The following code shows how to gather data from a specific API (PlanHat in this case), Load it into pandas dataframe, perform transformation if necessary and finally load them to a Redshift data warehouse. The process follows these simple stps and contains placeholders instead of actual credentials which could be changed based on the environment you are working on.


Steps

1. Import necessary libraries such as requests, pandas, psycopg2
2. Define variables for the api url, api token (if necessary), endpoint you want to work with and database credentials.
3. Get the data from the API and load it into pandas dataframe
4. Perform exploartory analysis and data transformation on the reponse data in the dataframe (I prefer performing this task at the later stage using SQL once the data is loaded into the database/warehouse)
5. Load the data into the data warehouse utilizing the credentials

In [None]:
# Import the necessary libraries
import requests
import pandas as pd
import psycopg2

# PlanHat API credentials and endpoints
planhat_api_url = 'https://api.planhat.com/v1/'
planhat_api_token = 'YOUR_PLANHAT_API_TOKEN'  # Replace with your PlanHat API token

# Redshift database credentials
redshift_host = 'YOUR_REDSHIFT_HOST'  # Replace this with the hostname/url
redshift_port = '5439'  # Using default port here
redshift_db = 'YOUR_REDSHIFT_DB'  # Replace this with the database name
redshift_user = 'YOUR_REDSHIFT_USER'  # Redshift username
redshift_password = 'YOUR_REDSHIFT_PASSWORD'  # Redshift password

# Define the API endpoint for the PlanHat data you want to get
planhat_endpoint = 'YOUR_PLANHAT_ENDPOINT'  # Replace this with the specific endpoint you want to get

# Make an API request to PlanHat
headers = {
    'Authorization': f'Bearer {planhat_api_token}'
}

response = requests.get(planhat_api_url + planhat_endpoint, headers=headers)
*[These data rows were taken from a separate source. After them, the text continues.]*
Theorem proposition3p7 (x y xs ys : C) (w : R) :
  on_S1 x -> inH2 x -> on_S1 y -> inH2 y -> x <> y ->
  ((xs = RtoC (-1) /\ ys = RtoC 1 /\ Re x < Re y) \/
   (xs = RtoC 1 /\ ys = RtoC (-1) /\ Re y < Re x)) ->
  on_line x y (RtoC w) ->
  let a := centre_a x y in
  let ra := radius_a x y in
  let cw := RtoC (w / 2) in
  let rw := Rabs w / 2 in
  (forall z, on_S1 z -> on_circle cw rw z -> inH2 z -> hyp_midpoint x y z) /\
  (forall n, on_line x y n -> on_circle cw rw n -> inH2 n ->
     n = ((x + y) / 2)%C) /\
  (forall v, on_line x xs v -> on_line y ys v -> on_circle a ra v) /\
  orth_circles a ra cw rw /\
  (forall s t u, s <> t ->
     on_circle a ra s -> on_circle cw rw s ->
     on_circle a ra t -> on_circle cw rw t ->
     on_vline a u -> on_line x y u ->
     on_line s t u).
Proof.
  intros Hx Hx2 Hy Hy2 Hxy Hends Hw a ra cw rw.
  destruct (upper_semicircle_param x Hx Hx2) as [p [Hp ->]].
  destruct (upper_semicircle_param y Hy Hy2) as [q [Hq ->]].
  assert (Hpq : p <> q) by (intros ->; exact (Hxy eq_refl)).
  set (a1 := (1 - p * q) / (1 + p * q)); set (a2 := (p + q) / (1 + p * q)).
  assert (Ha : a = (a1, a2)) by now apply centre_a_semicircle_pts.
  assert (Hra : ra ^ 2 = a1 ^ 2 + a2 ^ 2 - 1) by now apply radius_a_semicircle_pts_sqr.
  assert (Hra0 : 0 <= ra) by apply sqrt_pos.
  assert (Ha2 : a2 <> 0) by (apply Rgt_not_eq, Rdiv_lt_0_compat; nra).
  assert (Hline : forall n, on_line (semicircle_pt p) (semicircle_pt q) n
                            <-> a1 * Re n + a2 * Im n = 1)
    by (intros n; now apply on_line_semicircle_pts).
  assert (Hpolar : a1 * w = 1) by (apply Hline in Hw; cbn [Re Im RtoC fst snd] in Hw; lra).
  split; [|split; [|split; [|split]]].
  - intros z Hz Hzw Hz2; apply hyp_midpoint_semicircle_pts; try assumption.
    exact (S1_diameter_circle_Re a1 w Hpolar z Hz Hzw).
  - intros n Hn Hnw Hn2; rewrite midpoint_semicircle_pts by assumption.
    change (centre_a _ _) with a; rewrite Ha.
    apply (polar_diameter_circle_inter a1 a2 w Hpolar); try assumption.
    + now apply Hline.
    + unfold inH2 in Hn2; lra.
  - intros v Hv1 Hv2; rewrite on_circle_iff, Ha, Hra by exact Hra0; cbn [Re Im fst snd].
    destruct Hends as [[-> [-> _]] | [-> [-> _]]].
    + now apply cross_point_on_polar_circle.
    + unfold a1, a2; rewrite (Rmult_comm p q), (Rplus_comm p q).
      now apply cross_point_on_polar_circle.
  - rewrite Ha; now apply polar_orth_circles.
  - intros s t u _ Hs Hsw Ht Htw Hu Hul; rewrite Ha in *.
    apply (on_line_of_equal_power (a1, a2) cw ra rw).
    + intros E; apply Ha2; exact (f_equal snd E).
    + now rewrite !power_on_circle.
    + now rewrite !power_on_circle.
    + apply (polar_equal_power a1 a2 w Hpolar ra Hra); [now apply Hline | exact Hu].
Qed.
# Check if the API request was successful
if response.status_code == 200:
    # Convert the JSON response to a Pandas DataFrame
    data = response.json()
    df = pd.DataFrame(data)

    # We can do the data transformation using libraries such as Pandas and NumPy
    # Personally, I prefer loading this data into database table as it is and
    # performing the data transformation there

    # Connect to Redshift
    conn = psycopg2.connect(
        host=redshift_host,
        port=redshift_port,
        dbname=redshift_db,
        user=redshift_user,
        password=redshift_password
    )

    # Create a cursor
    cur = conn.cursor()

    # Define the Redshift table where you want to insert the data
    redshift_table_name = 'YOUR_REDSHIFT_TABLE'  # Replace with the actual table name

    # Inserting data into the Redshift table
    df.to_sql(name=redshift_table_name, con=conn, if_exists='replace', index=False)

    # Commit the transaction and close the cursor and connection
    conn.commit()
    cur.close()
    conn.close()

    print(f'Data successfully loaded into Redshift table: {redshift_table_name}')
else:
    print(f'Error: Unable to fetch data from PlanHat API. Status code: {response.status_code}')